Camus was of the mind that pursuing knowledge is an attempt at unity. That knowledge is, in part at least, where disparate fragments are brought together in a state of harmony, knowledge as an organized and stable state. Abdelfattah Kilito, yet another North African, has, curiously, the exact opposite idea. According to him, to know is to shatter, to pull apart; a state of knowledge is an exposure of a diverse cosmology that claims to unite a whole. One of the themes that Kilito may be thinking about here, which is a discrete but abiding motif across his work, is the tension between freedom and obligation; the liberal facilities of the mind against the weight of history; our opinions and beliefs versus our liberty and imagination; the artist as inventor and inheritor. Perhaps knowing is not about authority, and not an act of containment.
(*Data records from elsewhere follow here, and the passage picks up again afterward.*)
(* For all integers $n,k\ge 0$ and every $x$ with $|x|<1$, \[ \sum_{d=k+1}^\infty d^n x^d = \sum_{i=0}^n \frac{e_{n,i}^k\, x^{k+i+1}}{(1-x)^{n+1}}. \]
   Context: For a fixed integer parameter $k$, the numbers $e^k_{n,i}$ are defined by $e^k_{0,0}=1$, $e^k_{n,i}=0$ whenever $i<0$ or $i>n$, and $e^k_{n,i}=(k+i+1)\,e^k_{n-1,i}+(n-k-i)\,e^k_{n-1,i-1}$ for all other integers $n,i$. *)

From HB Require Import structures.
From mathcomp Require Import all_boot all_order all_algebra.
From mathcomp Require Import all_classical all_reals all_analysis.
Set Implicit Arguments. Unset Strict Implicit. Unset Printing Implicit Defensive.
Import Order.TTheory GRing.Theory Num.Theory.
Local Open Scope ring_scope.

Fixpoint ecoef (k n : nat) : nat -> int :=
  match n with
  | 0 => fun i => if i == 0%N then 1 else 0
  | m.+1 => fun i =>
      if (i <= m.+1)%N then
        (k + i + 1)%:Z * ecoef k m i
        + ((m.+1)%:Z - k%:Z - i%:Z) *
            (match i with 0 => 0 | j.+1 => ecoef k m j end)
      else 0
  end.

From HB Require Import structures.
From mathcomp Require Import all_boot all_order all_algebra.
From mathcomp Require Import all_classical all_reals all_analysis.
From mathcomp Require Import ring.
Import Order.TTheory GRing.Theory Num.Theory.
Import numFieldNormedType.Exports.
Local Open Scope classical_set_scope.
Local Open Scope ring_scope.

(* Put P_{n,m} = \sum_{k<d<m} d^n X^d and E_n = \sum_i e^k_{n,i} X^{k+i+1}.
   Since P_{n+1,m} = X P_{n,m}' and E_{n+1} = X(1-X) E_n' + (n+1) X E_n (the
   recurrence of the e^k_{n,i}), applying X d/dX to an identity
   (1-X)^{n+1} P_{n,m} = E_n - X^m F_{n,m} yields the same identity at n+1,
   where F_{n,m} is a polynomial in X whose coefficients are polynomials of
   degree at most n in m.  At |x| < 1 the correction x^m F_{n,m}(x) is then a
   fixed linear combination of the sequences m^j x^m, which tend to 0. *)

Section EulerianIdentity.
Variables (R : comNzRingType) (k : nat).
Implicit Types (n m : nat) (p e f : {poly R}).

Lemma deriv_sum (I : Type) (r : seq I) (P : pred I) (F : I -> {poly R}) :
  (\sum_(i <- r | P i) F i)^`() = \sum_(i <- r | P i) (F i)^`().
Proof. exact: (big_morph _ (@derivD _) (deriv0 _)). Qed.

Definition eulerian_step n p : {poly R} :=
  'X * (1 - 'X) * p^`() + n.+1%:R * 'X * p.

Definition partial_poly n m : {poly R} :=
  \sum_(k.+1 <= d < m) d%:R ^+ n *: 'X^d.

Definition euler_poly n : {poly R} :=
  \sum_(i < n.+1) (ecoef k n i)%:~R *: 'X^(k + i + 1).

Fixpoint rem_coef n j : {poly R} :=
  if n is n'.+1 then
    (if j is j'.+1 then (1 - 'X) * rem_coef n' j' else 0)
    + eulerian_step n' (rem_coef n' j)
  else (j == 0%N)%:R.

Definition rem_poly n m : {poly R} := \sum_(j < n.+1) m%:R ^+ j *: rem_coef n j.

Lemma rem_coef_eq0 n j : (n < j)%N -> rem_coef n j = 0.
Proof.
elim: n j => [|n IH] [|j] //= ltnj.
by rewrite !IH ?(ltnW ltnj) // /eulerian_step deriv0 !mulr0 !addr0.
Qed.

Lemma ecoef_eq0 n i : (n < i)%N -> ecoef k n i = 0.
Proof. by case: n => [|n] /= ltni; [case: i ltni | rewrite leqNgt ltni]. Qed.

Lemma partial_polyS n m : partial_poly n.+1 m = 'X * (partial_poly n m)^`().
Proof.
rewrite /partial_poly deriv_sum mulr_sumr.
apply: eq_big_nat => -[//|d] _.
by rewrite derivZ derivXn -scalerAr mulrnAr -exprS exprSr -scalerA scaler_nat.
Qed.

Lemma euler_polyS n : euler_poly n.+1 = eulerian_step n (euler_poly n).
Proof.
pose a i : R := (ecoef k n i)%:~R.
have -> : euler_poly n.+1 =
    \sum_(i < n.+2) ((k + i + 1)%:R * a i) *: 'X^(k + i + 1)
  + \sum_(i < n.+2) ((n.+1%:R - k%:R - i%:R) * (if i : nat is j.+1 then a j else 0))
                    *: 'X^(k + i + 1).
  rewrite -big_split; apply: eq_bigr => -[i /= lei] _.
  rewrite ltnS in lei; rewrite lei -scalerDl /a; congr (_ *: _).
  by case: i lei => [|i] _ /=; rewrite intrD !intrM ?intrB ?mulr0.
rewrite big_ord_recr /= {2}/a ecoef_eq0 // mulr0 scale0r addr0.
rewrite [X in _ + X]big_ord_recl /= mulr0 scale0r add0r -big_split.
rewrite /eulerian_step /euler_poly deriv_sum !mulr_sumr -big_split.
apply: eq_bigr => i _ /=; rewrite /bump /= add1n add0n derivZ derivXn /a.
by rewrite !addn1 addnS /= !exprS -!mul_polyC; ring.
Qed.

Lemma rem_polyS n m : rem_poly n.+1 m =
  m%:R * (1 - 'X) * rem_poly n m + eulerian_step n (rem_poly n m).
Proof.
have -> : rem_poly n.+1 m =
    \sum_(j < n.+2)
      m%:R ^+ j *: (if j : nat is j'.+1 then (1 - 'X) * rem_coef n j' else 0)
  + \sum_(j < n.+2) m%:R ^+ j *: eulerian_step n (rem_coef n j).
  by rewrite -big_split; apply: eq_bigr => j _ /=; rewrite -scalerDr.
rewrite big_ord_recl scaler0 add0r [X in _ + X]big_ord_recr /=.
rewrite rem_coef_eq0 // /eulerian_step deriv0 !mulr0 addr0 scaler0 addr0.
rewrite /rem_poly deriv_sum !mulr_sumr -!big_split.
by apply: eq_bigr => j _ /=; rewrite derivZ /bump add1n exprS -!mul_polyC; ring.
Qed.

Lemma partial_poly0 m : (k < m)%N -> (1 - 'X) * partial_poly 0 m = 'X^(k.+1) - 'X^m.
Proof.
move=> /subnKC <-; elim: (m - k.+1)%N => [|t IH].
  by rewrite addn0 /partial_poly big_geq // mulr0 subrr.
rewrite /partial_poly addnS big_nat_recr ?leq_addr //= mulrDr.
by rewrite [X in X + _]IH expr0 scale1r (exprS _ (k.+1 + t)); ring.
Qed.

Lemma eulerian_step_identity n m p e f :
    (1 - 'X) ^+ n.+1 * p = e - 'X^m * f ->
  (1 - 'X) ^+ n.+2 * ('X * p^`()) =
    eulerian_step n e - 'X^m * (m%:R * (1 - 'X) * f + eulerian_step n f).
Proof.
move=> eq_pef; have -> : e = (1 - 'X) ^+ n.+1 * p + 'X^m * f by rewrite eq_pef subrK.
have d1X : (1 - 'X)^`() = -1 :> {poly R} by rewrite derivB derivX -polyC1 derivC sub0r.
rewrite /eulerian_step !(derivD, derivM) deriv_exp d1X /=.
by case: m {eq_pef} => [|m]; rewrite derivXn /= ?mulr0n ?expr0 ?mul0r !exprS; ring.
Qed.

Lemma partial_poly_closed_form n m : (k < m)%N ->
  (1 - 'X) ^+ n.+1 * partial_poly n m = euler_poly n - 'X^m * rem_poly n m.
Proof.
move=> ltkm; elim: n => [|n IH].
  rewrite expr1 partial_poly0 // /euler_poly /rem_poly !big_ord1 /=.
  by rewrite addn0 addn1 !scale1r mulr1.
by rewrite partial_polyS euler_polyS rem_polyS; apply: eulerian_step_identity.
Qed.

Lemma horner_partial_poly n m x :
  (partial_poly n m).[x] = \sum_(k.+1 <= d < m) d%:R ^+ n * x ^+ d.
Proof. by rewrite horner_sum; apply: eq_bigr => d _; rewrite hornerZ hornerXn. Qed.

Lemma horner_euler_poly n x :
  (euler_poly n).[x] = \sum_(i < n.+1) (ecoef k n i)%:~R * x ^+ (k + i + 1).
Proof. by rewrite horner_sum; apply: eq_bigr => i _; rewrite hornerZ hornerXn. Qed.

Lemma horner_rem_poly n m x :
  (rem_poly n m).[x] = \sum_(j < n.+1) m%:R ^+ j * (rem_coef n j).[x].
Proof. by rewrite horner_sum; apply: eq_bigr => j _; rewrite hornerZ. Qed.

End EulerianIdentity.

Section PolynomialTimesGeometric.
Variable R : realType.

Lemma natr_mul_expr_double_le (y : R) (m : nat) : 0 <= y < 1 ->
  m%:R * y ^+ (m + m) <= y ^+ m / (1 - y).
Proof.
case/andP => y0 y1; have y1_gt0 : 0 < 1 - y by rewrite subr_gt0.
rewrite ler_pdivlMr //.
have -> : m%:R * y ^+ (m + m) = \sum_(i < m) y ^+ (m + m).
  by rewrite sumr_const card_ord mulr_natl.
have geo : \sum_(i < m) y ^+ (m + i) * (1 - y) = y ^+ m - y ^+ (m + m).
  under eq_bigr do rewrite exprD -mulrA.
  rewrite -mulr_sumr -mulr_suml exprD.
  have -> : (\sum_(i < m) y ^+ i) * (1 - y) = 1 - y ^+ m.
    by rewrite mulrC -[1 - y]opprB mulNr -subrX1 opprB.
  by rewrite mulrBr mulr1.
rewrite mulr_suml (le_trans _ (_ : y ^+ m - y ^+ (m + m) <= y ^+ m)) //; last first.
  by rewrite gerDl oppr_le0 exprn_ge0.
rewrite -geo; apply: ler_sum => i _; apply: ler_wpM2r; first exact: ltW.
by apply: ler_wiXn2l => //; [exact: ltW | rewrite leq_add2l ltnW].
Qed.

Lemma cvg_natr_mul_expr (y : R) : 0 <= y < 1 ->
  (fun m => m%:R * y ^+ m) @ \oo --> 0.
Proof.
case/andP => y0 y1; set z := Num.sqrt y.
have z0 : 0 <= z := sqrtr_ge0 y.
have z1 : z < 1 by rewrite -sqrtr1 ltr_sqrt.
apply: (@squeeze_cvgr _ _ _ _ (fun=> 0) (geometric (1 - z)^-1 z)); last 2 first.
- exact: cvg_cst.
- by apply: cvg_geometric; rewrite ger0_norm.
apply: nearW => m /=; rewrite mulr_ge0 ?exprn_ge0 //=.
have -> : y ^+ m = z ^+ (m + m) by rewrite -(sqr_sqrtr y0) -exprM mul2n addnn.
by rewrite [leRHS]mulrC natr_mul_expr_double_le ?z0.
Qed.

Lemma cvg_natrX_mul_expr (j : nat) (x : R) : `|x| < 1 ->
  (fun m => m%:R ^+ j * x ^+ m) @ \oo --> 0.
Proof.
elim: j x => [|j IH] x x1.
  by under eq_fun do rewrite expr0 mul1r; exact: cvg_expr.
set z := Num.sqrt `|x|.
have z0 : 0 <= z := sqrtr_ge0 _.
have z1 : z < 1 by rewrite -sqrtr1 ltr_sqrt.
apply/norm_cvg0P.
have -> : (fun m => `|m%:R ^+ j.+1 * x ^+ m|)
    = (fun m => (m%:R ^+ j * z ^+ m) * (m%:R * z ^+ m)).
  apply: funext => m; rewrite normrM !normrX normr_nat.
  by rewrite -(sqr_sqrtr (normr_ge0 x)) -/z -exprM mulnC exprM exprS; ring.
rewrite -(mulr0 0); apply: cvgM; first by apply: IH; rewrite ger0_norm.
by apply: cvg_natr_mul_expr; rewrite z0.
Qed.

Lemma cvg_expr_mul_rem_poly (n : nat) (x : R) : `|x| < 1 ->
  (fun m => x ^+ m * (rem_poly R n m).[x]) @ \oo --> 0.
Proof.
move=> x1.
have -> : (fun m => x ^+ m * (rem_poly R n m).[x]) =
    (fun m => \sum_(j < n.+1) m%:R ^+ j * x ^+ m * (rem_coef R n j).[x]).
  by apply: funext => m; rewrite horner_rem_poly mulr_sumr; apply: eq_bigr => j _; ring.
have sum0 : \sum_(j < n.+1) 0 * (rem_coef R n j).[x] = 0.
  by rewrite big1 // => j _; rewrite mul0r.
rewrite -[X in _ --> X]sum0; apply: (cvg_big add_continuous) => j _.
by apply: cvgMr_tmp; exact: cvg_natrX_mul_expr.
Qed.

End PolynomialTimesGeometric.

Theorem corollary2p2 (R : realType) (n k : nat) (x : R) (hx : `|x| < 1) :
  (fun m : nat => \sum_(k.+1 <= d < m) (d%:R) ^+ n * x ^+ d) @ \oo -->
  \sum_(i < n.+1) (ecoef k n i)%:~R * x ^+ (k + i + 1) / (1 - x) ^+ n.+1.
Proof.
have x_lt1 : x < 1 := le_lt_trans (ler_norm x) hx.
have c_neq0 : (1 - x) ^+ n.+1 != 0 by rewrite expf_neq0 // subr_eq0 gt_eqF.
have partial_sumE m : (k < m)%N -> \sum_(k.+1 <= d < m) d%:R ^+ n * x ^+ d =
    ((euler_poly R k n).[x] - x ^+ m * (rem_poly R n m).[x]) / (1 - x) ^+ n.+1.
  move=> ltkm; have := congr1 (horner^~ x) (partial_poly_closed_form R k n m ltkm).
  by rewrite /= !hornerE horner_partial_poly => <-; rewrite mulrAC mulfV ?mul1r.
rewrite -mulr_suml -horner_euler_poly.
have closed_form_cvg : (fun m => ((euler_poly R k n).[x] - x ^+ m * (rem_poly R n m).[x])
    / (1 - x) ^+ n.+1) @ \oo --> (euler_poly R k n).[x] / (1 - x) ^+ n.+1.
  apply: cvgMr_tmp; rewrite -[X in _ --> X]subr0.
  by apply: cvgB; [exact: cvg_cst | exact: cvg_expr_mul_rem_poly].
apply: cvg_trans closed_form_cvg; apply: near_eq_cvg.
by near=> m; rewrite partial_sumE //; near: m; exact: nbhs_infty_gt.
Unshelve. all: by end_near.
Qed.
One of the most frequent responses, in Britain at least, when people are asked what they make of Israel’s current bombardment of Gaza is to say that they don’t know enough about it. This is curious for several reasons, not least of all because Britain was a key architect behind the foundation of Israel. The Israeli–Palestinian conflict has been prominent in the news for the past seventy-five years. Many books have been written about it. Countless debates have been had. Many films and radio programs produced, too. But it also makes one wonder what it is that people believe they have possessed by not knowing enough about something. What facility or freedom does not knowing enough provide? And what would enough knowledge resemble? How much knowing is enough? How much does one need to know so as to know what to think? And what fear might not knowing enough signify? What would knowing enough about Israel and Palestine do? And what does not knowing enough about it allow?

One spring day in Paris many years ago, my wife, Diana, a most penetrating photographer, capable of seeing like no one else, decided, as an experiment, to walk across the city blindfolded. Arm in arm, I guided her through the streets and parks and across bridges. Everything she heard and smelled and felt on her skin became acute. And I remember the strange and uncanny sense I had of her inner life, her consciousness in the dark beside me, and the weight of responsibility I assumed so naturally for the welfare of her body, moving amid people and traffic and trees, always knowing enough and always not knowing enough.